The adult healthy human pancreas has been poorly studied given lack of indication to obtain tissue from the pancreas in the absence of disease and rapid postmortem degradation. We obtained pancreata from brain dead donors thus avoiding any warm ischemia time. We found that neoplastic lesions occur frequently in healthy organs, in donors as young as in their 3rd decade of life. Using the 10X Genomics Platform, we performed single cell RNA sequencing on 7 donor pancreata, 6 of which we separately sequenced tissue from the pancreas head and tail, for a total of 11 sequencing runs. Of note, because one of our runs (containing sequencing from pancreas head and tail) did not pass qc, our final analysis in our study utilized 6 donor pancreata, 5 of which contained pancreas head and tail sequenced separately. This is a robust single-cell dataset of healthy, nonpathologic pancreas tissue and includes acinar, ductal, and non-epithelial cells (myeloid cells, fibroblasts, endothelial cells, lymphocytes).

Briefly, the donor pancreas was dissected by a clinically-trained pancreatobiliary surgeon.

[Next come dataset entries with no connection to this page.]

(* In $Y_R(\mathfrak{so}_3)$, writing $e_{-1,0}(u)=\sum_{r\ge1}e^{(r)}_{-1,0}u^{-r}$, $$e_{-1,1}(u)=[e^{(1)}_{-1,0},e_{-1,0}(u)]-e_{-1,0}(u)^2.$$
   Context: Let $e_{ij}$ ($i,j\in\{-1,0,1\}$) be the matrix units of $\mathrm{End}\,\mathbb{C}^3$, with rows and columns indexed by $-1,0,1$. Let $P=\sum_{i,j}e_{ij}\otimes e_{ji}$, $Q=\sum_{i,j}e_{ij}\otimes e_{-i,-j}$ and $R(u)=1-\frac{P}{u}+\frac{Q}{u-\frac12}$. Let $t$ be the transposition on $\mathrm{End}\,\mathbb{C}^3$ given by $(e_{ij})^t=e_{-j,-i}$. The algebra $Y_R(\mathfrak{so}_3)$ is the unital associative algebra over $\mathbb{C}$ generated by elements $t_{ij}^{(r)}$, $r\ge 1$, $i,j\in\{-1,0,1\}$; put $t_{ij}(u)=\delta_{ij}+\sum_{r\ge1}t^{(r)}_{ij}u^{-r}$, $T(u)=\sum_{i,j}t_{ij}(u)\otimes e_{ij}$, $T^t(u)=\sum_{i,j}t_{ij}(u)\otimes e_{-j,-i}$, $T_1(u)=\sum t_{ij}(u)\otimes e_{ij}\otimes 1$, $T_2(v)=\sum t_{ij}(v)\otimes 1\otimes e_{ij}$. The defining relations are $R(u-v)T_1(u)T_2(v)=T_2(v)T_1(u)R(u-v)$ and $T(u)T^t(u+\frac12)=T^t(u+\frac12)T(u)=1$. The Gauss generators are the unique series $k_i(u)\in 1+u^{-1}Y_R(\mathfrak{so}_3)[[u^{-1}]]$ ($i=-1,0,1$) and $e_{ij}(u),f_{ji}(u)\in u^{-1}Y_R(\mathfrak{so}_3)[[u^{-1}]]$ ($-1\le i<j\le1$) such that $T(u)=F(u)K(u)E(u)$, where $F(u)$ is the lower unitriangular matrix with below-diagonal entries $F_{0,-1}=f_{0,-1}(u)$, $F_{1,-1}=f_{1,-1}(u)$, $F_{1,0}=f_{1,0}(u)$, $K(u)=\mathrm{diag}(k_{-1}(u),k_0(u),k_1(u))$, and $E(u)$ is the upper unitriangular matrix with above-diagonal entries $E_{-1,0}=e_{-1,0}(u)$, $E_{-1,1}=e_{-1,1}(u)$, $E_{0,1}=e_{01}(u)$ (rows/columns indexed by $-1,0,1$). *)

From HB Require Import structures.
From mathcomp Require Import all_boot all_order all_algebra.
Set Implicit Arguments. Unset Strict Implicit. Unset Printing Implicit Defensive.
Import Order.TTheory GRing.Theory Num.Theory.
Local Open Scope ring_scope.
(* Let $\mathbb{F}\subseteq\mathbb{C}$ be a subfield closed under complex conjugation, $m\ge2$, $N\ge1$. Let $\mathrm{v}=(v_1,\dots,v_m)\in\mathbb{F}^m$ have unit norm and let $V\in\mathbb{F}^{m\times m}$ be a unitary matrix whose first row is $\mathrm{v}$. Let $\mathbf{A}_1(z)=(a_{11}(z),\dots,a_{1m}(z))$ be a row of polynomials $a_{1j}(z)=\sum_{k=0}^N\alpha_{kj}z^k$, $\alpha_{kj}\in\mathbb{F}$, with $\sum_{j=1}^m|\alpha_{Nj}|>0$, such that $\mathbf{A}_1(z)\widetilde{\mathbf{A}_1}(z)=1$ for $z\in\mathbb{C}\setminus\{0\}$ and $\mathbf{A}_1(1)=\mathrm{v}$. Then there exists a unique $\mathbf{A}(z)\in\mathcal{WM}(m,N,N,\mathbb{F})$ with $\mathbf{A}(1)=V$ whose first row is $\mathbf{A}_1(z)$.
   Context: For a Laurent polynomial $p(z)=\sum_kc_kz^k$, $\widetilde{p}(z)=\sum_k\overline{c_k}z^{-k}$; for a matrix of Laurent polynomials $P(z)=(p_{ij})$, $\widetilde{P}(z)=(\widetilde{p_{ij}})^T$. $\mathcal{WM}(m,N,N,\mathbb{F})$ is the set of matrix polynomials $\mathbf{A}(z)=\sum_{k=0}^NA_kz^k$ with $A_k\in\mathbb{F}^{m\times m}$, $A_N\ne0$, satisfying $\mathbf{A}(z)\widetilde{\mathbf{A}}(z)=I_m$ for $z\ne0$ (where $\widetilde{\mathbf{A}}(z)=\sum_kA_k^*z^{-k}$) and $\det\mathbf{A}(z)=c\,z^N$ for some constant $c$. *)

From mathcomp Require Import all_boot all_algebra.
From mathcomp Require Import complex reals.
Set Implicit Arguments. Unset Strict Implicit. Unset Printing Implicit Defensive.
Import GRing.Theory Num.Theory.
Local Open Scope ring_scope.

Section Defs.
Variable C : numClosedFieldType.

Definition tilde_eval (p : {poly C}) (z : C) : C :=
  (map_poly (fun c : C => c^*) p).[z^-1].

Definition evalmx m n (A : 'M[{poly C}]_(m, n)) (z : C) : 'M[C]_(m, n) :=
  \matrix_(i, j) (A i j).[z].

Definition tildemx m n (A : 'M[{poly C}]_(m, n)) (z : C) : 'M[C]_(n, m) :=
  \matrix_(i, j) tilde_eval (A j i) z.

Definition WM (m N : nat) (F : {pred C}) (A : 'M[{poly C}]_m) : Prop :=
  [/\ (forall i j k, (A i j)`_k \in F),
      (forall i j, (size (A i j) <= N.+1)%N),
      (exists i j, (A i j)`_N != 0),
      (forall z : C, z != 0 -> evalmx A z *m tildemx A z = 1%:M)
    & (exists c : C, \det A = c *: 'X^N)].

Definition ord_first (m : nat) (hm : (0 < m)%N) : 'I_m := Ordinal hm.
End Defs.

From HB Require Import structures.
From mathcomp Require Import all_boot all_algebra.
From mathcomp Require Import complex reals.
Set Implicit Arguments. Unset Strict Implicit. Unset Printing Implicit Defensive.
Import GRing.Theory Num.Theory.
Local Open Scope ring_scope.
Local Open Scope sesquilinear_scope.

The organ was dissected into head, body, and tail, with portions of each placed into DMEM media with 1% BSA/10µM Y27632. Tissue was minced into 1mm3 pieces, then digested with 1 mg/mL collagenase P for 20-30 min at 37°C with gentle agitation. Digested tissue was rinsed three times with DMEM/1% BSA/10µM Y27632, then filtered through a 40µm mesh. Resulting cells were submitted to the University of Michigan Advanced Genomics Core for single cell sequencing using the 10x Genomics Platform.

FASTQ files of all sequencing runs along with clinical annotation of donors is available through this dbGaP submission.